Blogs, on the other hand, have several fundamental reasons that point to their long-term value for businesses:

1. Simple to use
Creating a blog post is just like writing an email.

2. Create value for customers
Blogs provide all sorts of information to people interested in your company. They provide answers to questions, details about products, company news, and an insight into the personalities of the employees.

3. Cost
Blogs range from nothing to a couple of hundred bucks a year unless you hire an employee to write the blog, which may very well be worth their salary.

4. Search engine rankings
Blogs score very well in search engines, and this is unlikely to change anytime soon. The reason is because search engines continue to get smarter and smarter, weeding out web pages that don't have very good content compared to search terms people search for. As these get weeded out, blog posts climb the ladder as web pages that contain useful information while being part of a large website.

5. All the advantages of Direct Mail, without the postage
Blogs allow your company to reach hundreds (thousands) of customers instantly...for free. RSS subscriptions and tools like Twitter allow you to inform your customers when you have written a new blog post, prompting them to visit your site to read it. While most of your posts will be strictly informational, there's nothing wrong with writing a purely sales-driven post every once in a while if it gives real value to your customers. Within minutes you can generate a measurable response to a sales offer and even test different sales approaches. In the past, this would take months and thousands of dollars in printing and postage costs. With a blog it doesn't cost anything.

6. Blogs are seemless
A customer often has to download a podcast in order to enjoy it. If you offer a video, they have to be in an environment that allows noise to come from your computer. Many companies put restrictions on audio or video in the workplace. But a blog is just a website. Blog pages show up in regular Google searches, they use regular web site navigation, and they don't require any kind of special plugin to read. Customers often don't even know they are reading a "blog," especially if the blog is designed with the same graphics as your normal web site.

7. Blogs evolve
Unlike Facebook or Twitter, blogs are not "owned" by any one company.
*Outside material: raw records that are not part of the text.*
(* Let $k$ be a commutative ring containing $1/2$, let $R$ be a smooth commutative $k$-algebra such that $\mathrm{Der}_k(R)$ is free with a basis $\tau_1,\dots,\tau_n$ of pairwise commuting derivations, and let $g=(g^{ij})\in GL_n(R)$ be such that the derivations $\tau'_i=g^{ij}\tau_j$ pairwise commute. Let $A=(g^{-1})^{t}$, i.e. $A^{\alpha\beta}=(g^{-1})^{\beta\alpha}$ (the matrix expressing the basis of $1$-forms dual to $(\tau'_i)$ in terms of the basis dual to $(\tau_i)$). With summation over repeated indices define $$h_\Omega^{ij}=\tau_p\tau_j(g^{ip})+\tfrac12\,\tau_q(g^{ip})\,\tau_p(g^{rq})\,(g^{-1})^{jr},$$ $$g^{i\alpha\gamma}=g^{iq}\tau_q\big((A^{-1})^{\alpha\mu}\big)A^{\mu\gamma},\qquad h_E^{ij}=\tau_j(g^{i\nu\nu})+\tfrac12\,g^{iq}\tau_j\big((A^{-1})^{\mu\beta}\big)A^{\beta\gamma}\tau_q\big((A^{-1})^{\gamma\nu}\big)A^{\nu\mu}.$$ Then $h^{ij}:=h_\Omega^{ij}-h_E^{ij}=0$ for all $i,j$.
   Context: $(g^{-1})^{jr}$ is the $(j,r)$ entry of $g^{-1}$. Repeated indices are summed. *)

From HB Require Import structures.
From mathcomp Require Import all_boot all_order all_algebra.
From mathcomp Require Import mpoly.
Set Implicit Arguments. Unset Strict Implicit. Unset Printing Implicit Defensive.
Import GRing.Theory.
Local Open Scope ring_scope.

Definition kalg_hom (k : comNzRingType) (A B : comAlgType k) (f : A -> B) : Prop :=
  [/\ (forall x y, f (x + y) = f x + f y),
      (forall x y, f (x * y) = f x * f y),
      f 1 = 1 &
      (forall (c : k) x, f (c *: x) = c *: f x)].

(* Formal smoothness: lifting property along surjections with square-zero
   kernel (C plays the role of B/I with I^2 = 0). *)
Definition formally_smooth (k : comNzRingType) (R : comAlgType k) : Prop :=
  forall (B C : comAlgType k) (pi : B -> C),
    kalg_hom pi -> (forall c, exists b, pi b = c) ->
    (forall x y, pi x = 0 -> pi y = 0 -> x * y = 0) ->
    forall f : R -> C, kalg_hom f ->
      exists f' : R -> B, kalg_hom f' /\ (forall r, pi (f' r) = f r).

Definition finitely_presented (k : comNzRingType) (R : comAlgType k) : Prop :=
  exists (m : nat) (phi : {mpoly k[m]} -> R) (s : seq {mpoly k[m]}),
    [/\ kalg_hom phi,
        (forall r, exists p, phi p = r) &
        (forall p, phi p = 0 <->
           exists c : 'I_(size s) -> {mpoly k[m]},
             p = \sum_(i < size s) c i * s`_i)].

Definition smooth (k : comNzRingType) (R : comAlgType k) : Prop :=
  finitely_presented R /\ formally_smooth R.

Definition is_derivation (k : comNzRingType) (R : comAlgType k) (D : R -> R) : Prop :=
  [/\ (forall x y, D (x + y) = D x + D y),
      (forall (c : k) x, D (c *: x) = c *: D x) &
      (forall x y, D (x * y) = D x * y + x * D y)].

Definition tau' (k : comNzRingType) (R : comAlgType k) (n : nat)
  (tau : 'I_n -> R -> R) (g : 'M[R]_n) (i : 'I_n) : R -> R :=
  fun x => \sum_(j < n) g i j * tau j x.

Definition h_Omega (k : comNzRingType) (half : k) (R : comAlgType k) (n : nat)
  (tau : 'I_n -> R -> R) (g ginv : 'M[R]_n) (i j : 'I_n) : R :=
  \sum_(p < n) tau p (tau j (g i p))
  + half *: (\sum_(p < n) \sum_(q < n) \sum_(r < n)
               tau q (g i p) * tau p (g r q) * ginv j r).

Definition g3 (k : comNzRingType) (R : comAlgType k) (n : nat)
  (tau : 'I_n -> R -> R) (g A Ainv : 'M[R]_n) (i al ga : 'I_n) : R :=
  \sum_(q < n) \sum_(mu < n) g i q * tau q (Ainv al mu) * A mu ga.

Definition h_E (k : comNzRingType) (half : k) (R : comAlgType k) (n : nat)
  (tau : 'I_n -> R -> R) (g A Ainv : 'M[R]_n) (i j : 'I_n) : R :=
  \sum_(nu < n) tau j (g3 tau g A Ainv i nu nu)
  + half *: (\sum_(q < n) \sum_(mu < n) \sum_(be < n) \sum_(ga < n) \sum_(nu < n)
       g i q * tau j (Ainv mu be) * A be ga * tau q (Ainv ga nu) * A nu mu).

(** The identity holds term by term: the second-order parts and the
    [1/2]-parts of [h_Omega] and [h_E] agree separately.  Commutation of
    the [tau'_i = g^{ij} tau_j], given independence and commutation of the
    [tau], amounts to the symmetry [tau'_i (g^{jc}) = tau'_j (g^{ic})].
    Together with [tau_p = (g^{-1})^{pi} tau'_i] it turns the tensor
    [g^{iac}] (where [A^{-1} = g^T]) into [tau_c (g^{ia})], and makes
    [(g^{-1})^{jr} tau_p (g^{rq})] symmetric in [j, p], which matches the
    quadratic parts. *)
From HB Require Import structures.
From mathcomp Require Import all_boot all_order all_algebra.
From mathcomp Require Import mpoly.
From mathcomp Require Import ring.
Set Implicit Arguments.
Unset Strict Implicit.
Unset Printing Implicit Defensive.
Import GRing.Theory.
Local Open Scope ring_scope.

Section Derivation.
Variables (k : comNzRingType) (R : comAlgType k) (D : R -> R).
Hypothesis D_der : is_derivation D.

Lemma derivationD x y : D (x + y) = D x + D y.
Proof. by case: D_der. Qed.

Lemma derivationM x y : D (x * y) = D x * y + x * D y.
Proof. by case: D_der. Qed.

Lemma derivation_sum (I : Type) (r : seq I) (P : pred I) (F : I -> R) :
  D (\sum_(i <- r | P i) F i) = \sum_(i <- r | P i) D (F i).
Proof.
have D0 : D 0 = 0.
  by apply: (addrI (D 0)); rewrite -derivationD !addr0.
exact: (big_morph D derivationD D0).
Qed.

End Derivation.

Section CommutingFrame.
Variables (k : comNzRingType) (R : comAlgType k) (n : nat).
Variable tau : 'I_n -> R -> R.
Hypothesis tau_der : forall i, is_derivation (tau i).
Hypothesis tau_indep : forall c : 'I_n -> R,
  (forall x, \sum_(q < n) c q * tau q x = 0) -> forall q, c q = 0.
Hypothesis tau_comm : forall i j x, tau i (tau j x) = tau j (tau i x).
Variable g : 'M[R]_n.
Hypothesis tau'_comm : forall i j x,
  tau' tau g i (tau' tau g j x) = tau' tau g j (tau' tau g i x).
Variable ginv : 'M[R]_n.
Hypothesis mulVg : ginv *m g = 1%:M.

Local Notation "''D_' i" := (tau' tau g i) (at level 8, i at level 2).

Lemma tau'_tau'E i j x :
  'D_i ('D_j x) = \sum_(c < n) 'D_i (g j c) * tau c x
                  + \sum_(a < n) \sum_(b < n) g i a * g j b * tau a (tau b x).
Proof.
transitivity (\sum_(a < n) \sum_(b < n)
   (g i a * tau a (g j b) * tau b x + g i a * g j b * tau a (tau b x))).
  apply: eq_bigr => a _; rewrite (derivation_sum (tau_der a)) mulr_sumr.
  by apply: eq_bigr => b _; rewrite (derivationM (tau_der a)) /= mulrDr !mulrA.
under eq_bigr => a _ do rewrite big_split; rewrite big_split; congr (_ + _).
by rewrite exchange_big; apply: eq_bigr => c _; rewrite mulr_suml.
Qed.

Lemma tau'_g_sym i j c : 'D_i (g j c) = 'D_j (g i c).
Proof.
apply/eqP; rewrite -subr_eq0; apply/eqP; move: c.
apply: (@tau_indep (fun c => 'D_i (g j c) - 'D_j (g i c))) => x.
have := tau'_comm i j x; rewrite !tau'_tau'E.
have -> : \sum_(a < n) \sum_(b < n) g j a * g i b * tau a (tau b x) =
          \sum_(a < n) \sum_(b < n) g i a * g j b * tau a (tau b x).
  rewrite exchange_big; apply: eq_bigr => a _; apply: eq_bigr => b _.
  by rewrite tau_comm [g j b * _]mulrC.
move/addIr=> eq_ij; under eq_bigr => q _ do rewrite mulrBl.
by rewrite sumrB eq_ij subrr.
Qed.

Lemma tau_tau'E p x : tau p x = \sum_(i < n) ginv p i * 'D_i x.
Proof.
pose v : 'cV[R]_n := \col_a tau a x.
have -> : tau p x = ((ginv *m g) *m v) p 0 by rewrite mulVg mul1mx mxE.
rewrite -mulmxA mxE; apply: eq_bigr => i _; congr (_ * _).
by rewrite mxE; apply: eq_bigr => a _; rewrite mxE.
Qed.

Lemma sum_inv_tau'_g m i c :
  \sum_(a < n) ginv m a * 'D_i (g a c) = tau m (g i c).
Proof. by rewrite tau_tau'E; apply: eq_bigr => a _; rewrite tau'_g_sym. Qed.

Lemma inv_tau_g_sym j p q :
  \sum_(r < n) ginv j r * tau p (g r q) = \sum_(r < n) ginv p r * tau j (g r q).
Proof.
have expand j' p' : \sum_(r < n) ginv j' r * tau p' (g r q) =
    \sum_(r < n) \sum_(s < n) ginv j' r * ginv p' s * 'D_s (g r q).
  apply: eq_bigr => r _; rewrite tau_tau'E mulr_sumr.
  by apply: eq_bigr => s _; rewrite /= mulrA.
rewrite !expand exchange_big; apply: eq_bigr => r _; apply: eq_bigr => s _.
by rewrite tau'_g_sym [ginv p r * _]mulrC.
Qed.

Lemma g3E i a c : g3 tau g ginv^T g^T i a c = tau c (g i a).
Proof.
rewrite -sum_inv_tau'_g /g3 exchange_big; apply: eq_bigr => m _.
rewrite mulr_sumr; apply: eq_bigr => q _.
by rewrite /= !mxE mulrC.
Qed.

Variable half : k.

Lemma h_OmegaE i j :
  h_Omega half tau g ginv i j =
  \sum_(p < n) tau p (tau j (g i p))
  + half *: (\sum_(m < n) \sum_(b < n) \sum_(c < n)
               tau j (g b m) * ginv c b * tau m (g i c)).
Proof.
rewrite /h_Omega; congr (_ + half *: _).
transitivity (\sum_(p < n) \sum_(q < n)
                tau q (g i p) * \sum_(r < n) ginv p r * tau j (g r q)).
  apply: eq_bigr => p _; apply: eq_bigr => q _.
  rewrite -inv_tau_g_sym mulr_sumr; apply: eq_bigr => r _.
  by rewrite /= [ginv j r * _]mulrC mulrA.
rewrite exchange_big; apply: eq_bigr => m _.
under eq_bigr => c _ do rewrite mulr_sumr.
rewrite exchange_big; apply: eq_bigr => b _; apply: eq_bigr => c _.
by rewrite mulrC [ginv c b * _]mulrC.
Qed.

Lemma h_EE i j :
  h_E half tau g ginv^T g^T i j =
  \sum_(p < n) tau p (tau j (g i p))
  + half *: (\sum_(m < n) \sum_(b < n) \sum_(c < n)
               tau j (g b m) * ginv c b * tau m (g i c)).
Proof.
rewrite /h_E; congr (_ + half *: _).
  by apply: eq_bigr => p _; rewrite g3E tau_comm.
rewrite exchange_big; apply: eq_bigr => m _.
rewrite exchange_big; apply: eq_bigr => b _.
rewrite exchange_big; apply: eq_bigr => c _.
rewrite -[tau m (g i c)]g3E /g3 mulr_sumr; apply: eq_bigr => q _.
rewrite mulr_sumr; apply: eq_bigr => a _.
by rewrite !mxE; ring.
Qed.

End CommutingFrame.

Theorem theorem6p4
  (k : comNzRingType) (half : k) (Hhalf : half *+ 2 = 1)
  (R : comAlgType k) (HRsmooth : smooth R)
  (n : nat) (tau : 'I_n -> R -> R)
  (Htau_der : forall i, is_derivation (tau i))
  (Htau_span : forall D : R -> R, is_derivation D ->
     exists c : 'I_n -> R, forall x, D x = \sum_(q < n) c q * tau q x)
  (Htau_indep : forall c : 'I_n -> R,
     (forall x, \sum_(q < n) c q * tau q x = 0) -> forall q, c q = 0)
  (Htau_comm : forall i j x, tau i (tau j x) = tau j (tau i x))
  (g ginv : 'M[R]_n) (Hginv_r : g *m ginv = 1%:M) (Hginv_l : ginv *m g = 1%:M)
  (Htau'_comm : forall i j x,
     tau' tau g i (tau' tau g j x) = tau' tau g j (tau' tau g i x))
  (A Ainv : 'M[R]_n) (HA : A = ginv^T)
  (HAinv_r : A *m Ainv = 1%:M) (HAinv_l : Ainv *m A = 1%:M) :
  forall i j : 'I_n,
    h_Omega half tau g ginv i j - h_E half tau g A Ainv i j = 0.
Proof.
have Ainv_tr : Ainv = g^T.
  have A_gT : A *m g^T = 1%:M by rewrite HA -trmx_mul Hginv_r trmx1.
  by rewrite -[Ainv]mulmx1 -A_gT mulmxA HAinv_l mul1mx.
move=> i j; rewrite Ainv_tr HA.
rewrite (h_OmegaE Htau_der Htau_indep Htau_comm Htau'_comm Hginv_l).
by rewrite (h_EE Htau_der Htau_indep Htau_comm Htau'_comm Hginv_l) subrr.
Qed.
As a result, the companies that create blogging platforms are constantly evolving, adapting, and reinventing what a blog means. New features and functions are constantly being added. These improvements will keep blogging at the forefront of internet technology for the foreseeable future.

Technology changes our internet experience very fast. The internet as we know it did not exist before 1994 (when Netscape Navigator was created). Blogs entered the non-tech world in approximately 2002, but took a few years to gain widespread recognition.

Here we are in 2009, not even a decade later. But blogging again may be compared to direct mail. While direct mail was popularized and turned into a science in 1923 (Scientific Advertising, Claude C. Hopkins), it is still perhaps the most effective form of advertising in terms of return-on-investment. The fundamentals of direct advertising apply to blogging, and this is why your business blog will continue to be an important and profitable marketing strategy through 2029.